The US Cybersecurity and Infrastructure Security Agency has published recommendations for timing and synchronisation in critical infrastructure. What the guidance says and how operators should respond.

Ian Gough
Ian GoughFounder & CEO, TimeBeat
7 min read
CISAPolicyUS

TL;DR

  • CISA has recognised that GNSS-derived timing is increasingly load-bearing for US critical infrastructure and that the resilience hasn't kept pace.
  • The recommendations cover GNSS hardening, PNT diversification, monitoring of timing-related anomalies and incident reporting.
  • Operators should treat timing infrastructure as critical infrastructure — the guidance is directional, but the expectations are firming up.

What CISA recommends

The US Cybersecurity and Infrastructure Security Agency has published guidance recognising that GNSS-derived timing is increasingly load-bearing for US critical infrastructure and that the resilience of timing infrastructure has not kept pace with its growing importance. The recommendations cover four areas. GNSS hardening: multi-band, multi-constellation receivers with anti-jam capability where the threat model justifies it. PNT diversification: avoiding sole reliance on a single GNSS source by incorporating alternative time references where possible. Monitoring of timing-related anomalies: continuous observability of clock health with alerting on excursions. Incident reporting: documented procedures for detecting and reporting timing-related events.

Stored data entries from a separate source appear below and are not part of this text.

(* Let $a_1,\dots,a_n$ and $b_1,\dots,b_n$ be complex numbers with all $a_i\ne0$, and let $a=\sum_{i=1}^n a_i$, $b=\sum_{i=1}^n b_i$. Suppose that for some reals $1>\tau>\epsilon>0$ we have $$\left|\frac{b_i}{a_i}-1\right|\le\epsilon\ \ (i=1,\dots,n)\qquad\text{and}\qquad |a|\ge\tau\sum_{i=1}^n|a_i|.$$ Then $a\ne0$, $b\ne0$, and the angle between $a$ and $b$ (as vectors in $\mathbb{R}^2\cong\mathbb{C}$) does not exceed $\arcsin\frac{\epsilon}{\tau}$. *)

From Stdlib Require Import Reals.
From Coquelicot Require Import Coquelicot.
Open Scope R_scope.

(* The (unoriented) angle in [0, pi] between two nonzero complex numbers
   z and w, viewed as vectors of R^2: cos(angle) = <z,w>/(|z||w|),
   where the Euclidean inner product is <z,w> = Re (z * conj w). *)
Definition vec_angle (z w : C) : R :=
  acos (Re (z * Cconj w) / (Cmod z * Cmod w)).

(* The perturbation b - a is small compared with a: summing |b_i - a_i| <= eps |a_i|
   and using |a| >= tau sum |a_i| gives |b - a| <= r |a| with r = eps / tau < 1.
   Expanding |b - a|^2 <= r^2 |a|^2 yields 2 <a,b> >= |b|^2 + (1 - r^2) |a|^2, and by
   AM-GM the right-hand side is at least 2 sqrt(1 - r^2) |a| |b|; hence the cosine of the
   angle is at least sqrt(1 - r^2) = cos (asin r). *)

From Stdlib Require Import Reals Lra Psatz.
From Coquelicot Require Import Coquelicot.
Open Scope R_scope.

Lemma sum_n_pos (f : nat -> R) (m : nat) :
  (forall i, 0 <= f i) -> 0 < f 0%nat -> 0 < sum_n f m.
Proof.
  intros Hf Hf0. induction m as [|m IH].
  - now rewrite sum_O.
  - rewrite sum_Sn. unfold plus; simpl. specialize (Hf (S m)). lra.
Qed.

Lemma Cmod_sub_le_of_ratio (a b : C) (eps : R) :
  a <> 0 -> Cmod (b / a - 1) <= eps -> Cmod (b - a) <= eps * Cmod a.
Proof.
  intros Ha Hr.
  replace (b - a)%C with ((b / a - 1) * a)%C by (field; exact Ha).
  rewrite Cmod_mult. apply Rmult_le_compat_r; [apply Cmod_ge_0 | exact Hr].
Qed.

Lemma Cmod_sum_n_sub_le (a b : nat -> C) (eps : R) (m : nat) :
  (forall i, (i <= m)%nat -> Cmod (b i - a i) <= eps * Cmod (a i)) ->
  Cmod (sum_n b m - sum_n a m) <= eps * sum_n (fun i => Cmod (a i)) m.
Proof.
  intros H. induction m as [|m IH].
  - rewrite !sum_O. apply H. lia.
  - rewrite !sum_Sn. unfold plus; simpl.
    replace (sum_n b m + b (S m) - (sum_n a m + a (S m)))%C
      with ((sum_n b m - sum_n a m) + (b (S m) - a (S m)))%C by ring.
    eapply Rle_trans; [apply Cmod_triangle |].
    rewrite Rmult_plus_distr_l. apply Rplus_le_compat.
    + apply IH. intros i Hi. apply H. lia.
    + apply H. lia.
Qed.

Lemma Re_mul_Cconj_le (z w : C) : Re (z * Cconj w) <= Cmod z * Cmod w.
Proof.
  rewrite <- (Cmod_conj w), <- Cmod_mult.
  eapply Rle_trans; [apply Rle_abs | apply re_le_Cmod].
Qed.

Lemma Cmod_sub_sqr (z w : C) :
  Cmod (w - z) ^ 2 = Cmod w ^ 2 + Cmod z ^ 2 - 2 * Re (z * Cconj w).
Proof.
  rewrite !Cmod2_alt. destruct z as [x y], w as [u v]. simpl. ring.
Qed.

Lemma Re_mul_Cconj_ge_of_near (z w : C) (r : R) :
  0 <= r < 1 -> z <> 0 -> Cmod (w - z) <= r * Cmod z ->
  w <> 0 /\ sqrt (1 - r²) * (Cmod z * Cmod w) <= Re (z * Cconj w).
Proof.
  intros Hr Hz Hd.
  apply Cmod_gt_0 in Hz.
  assert (Hw : 0 < Cmod w).
  { assert (Htri := Cmod_triangle (- (w - z)) w).
    rewrite Cmod_opp in Htri.
    replace (- (w - z) + w)%C with z in Htri by ring. nra. }
  split; [apply Cmod_gt_0; exact Hw |].
  set (k := 1 - r²).
  assert (Hk : 0 < k) by (unfold k, Rsqr; nra).
  assert (Hsk : sqrt k * sqrt k = k) by (apply sqrt_sqrt; lra).
  assert (Hexpand : Cmod w ^ 2 + k * Cmod z ^ 2 <= 2 * Re (z * Cconj w)).
  { assert (Hd2 : Cmod (w - z) ^ 2 <= (r * Cmod z) ^ 2)
      by (apply pow_incr; split; [apply Cmod_ge_0 | exact Hd]).
    rewrite Cmod_sub_sqr in Hd2. unfold k, Rsqr. nra. }
  (* AM-GM: (|w| - sqrt k |z|)^2 >= 0. *)
  assert (Hsq := pow2_ge_0 (Cmod w - sqrt k * Cmod z)).
  nra.
Qed.

Lemma acos_le_asin (c r : R) :
  0 <= r < 1 -> sqrt (1 - r²) <= c <= 1 -> acos c <= asin r.
Proof.
  intros Hr Hc.
  assert (Hs := sqrt_pos (1 - r²)).
  assert (Hasin := asin_bound r). assert (Hacos := acos_bound c).
  assert (Hasin0 : 0 <= asin r).
  { destruct (Rle_or_lt 0 (asin r)) as [h | h]; [exact h |].
    assert (Hneg : sin (asin r) < 0) by (apply sin_lt_0_var; lra).
    rewrite sin_asin in Hneg by lra. lra. }
  destruct (Rle_or_lt (acos c) (asin r)) as [h | h]; [exact h | exfalso].
  assert (Hcos : cos (acos c) < cos (asin r)) by (apply cos_decreasing_1; lra).
  rewrite cos_acos, cos_asin in Hcos by lra. lra.
Qed.

Lemma vec_angle_le_asin (z w : C) (r : R) :
  0 <= r < 1 -> z <> 0 -> Cmod (w - z) <= r * Cmod z ->
  w <> 0 /\ vec_angle z w <= asin r.
Proof.
  intros Hr Hz Hd.
  destruct (Re_mul_Cconj_ge_of_near z w r Hr Hz Hd) as [Hw Hcos].
  split; [exact Hw |].
  assert (Hzw : 0 < Cmod z * Cmod w)
    by (apply Rmult_lt_0_compat; now apply Cmod_gt_0).
  unfold vec_angle. apply acos_le_asin; [exact Hr | split].
  - apply Rle_div_r; assumption.
  - apply Rle_div_l; [exact Hzw |]. rewrite Rmult_1_l. apply Re_mul_Cconj_le.
Qed.

(* The n >= 1 numbers a_1..a_n are indexed as a 0, ..., a m (m = n - 1). *)
Theorem lemma4p2 (m : nat) (a b : nat -> C) (tau eps : R)
  (Ha : forall i, (i <= m)%nat -> a i <> RtoC 0)
  (Heps : 0 < eps) (Htaueps : eps < tau) (Htau : tau < 1)
  (Hratio : forall i, (i <= m)%nat -> Cmod (b i / a i - 1) <= eps)
  (Hsum : Cmod (sum_n a m) >= tau * sum_n (fun i => Cmod (a i)) m) :
  sum_n a m <> RtoC 0 /\ sum_n b m <> RtoC 0 /\
  vec_angle (sum_n a m) (sum_n b m) <= asin (eps / tau).
Proof.
  set (S := sum_n (fun i => Cmod (a i)) m) in *.
  assert (HS : 0 < S).
  { apply sum_n_pos; [intro; apply Cmod_ge_0 |].
    apply Cmod_gt_0, Ha. lia. }
  assert (HA : sum_n a m <> RtoC 0) by (apply Cmod_gt_0; nra).
  assert (Hdiff : Cmod (sum_n b m - sum_n a m) <= eps * S).
  { apply Cmod_sum_n_sub_le. intros i Hi.
    apply Cmod_sub_le_of_ratio; auto. }
  assert (Hr : 0 <= eps / tau < 1).
  { split; [apply Rlt_le, Rdiv_lt_0_compat; lra |].
    apply Rlt_div_l; lra. }
  assert (Hnear : Cmod (sum_n b m - sum_n a m) <= eps / tau * Cmod (sum_n a m)).
  { apply Rle_trans with (eps * S); [exact Hdiff |].
    apply Rmult_le_reg_l with tau; [lra |].
    replace (tau * (eps / tau * Cmod (sum_n a m))) with (eps * Cmod (sum_n a m))
      by (field; lra).
    nra. }
  destruct (vec_angle_le_asin _ _ _ Hr HA Hnear) as [HB Hangle].
  auto.
Qed.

The CISA guidance is consistent with the UK PNT framework, with DORA in the EU, and with similar movements internationally. The convergence is not coincidental — multiple national governments have independently reached the same conclusion that timing infrastructure is critical infrastructure and needs to be treated accordingly.

What operators should do

Treat timing infrastructure as critical infrastructure. Specify multi-band, multi-constellation GNSS with anti-jam where the threat model justifies it. Plan for credible GNSS denial scenarios with appropriate holdover and PNT diversification. Monitor the timing fabric continuously with central correlation across multiple devices. Document the incident response procedure for timing-related events. None of this is news to mature operators; CISA's contribution is to make the expectations explicit and the guidance public, which raises the bar for less mature operators and gives mature operators a published reference to point at when justifying resilience investment.

What's next

Expect the CISA recommendations to firm up into more explicit expectations over the next several years, particularly as specific critical infrastructure sectors are covered by sector-specific cybersecurity rules. Operators that build resilience into their timing architecture now will be ahead of the curve.

Where TimeBeat fits

TimeBeat builds the open-standard hardware grandmasters, anti-jam GNSS integration, Clock Ensemble multi-source aggregation and Sync Insight observability platform that US CNI operators use to meet CISA's expectations. Our customers across US critical infrastructure sectors include operators in finance, broadcast, telecom and defence who have identified resilience gaps and are addressing them ahead of formal regulation.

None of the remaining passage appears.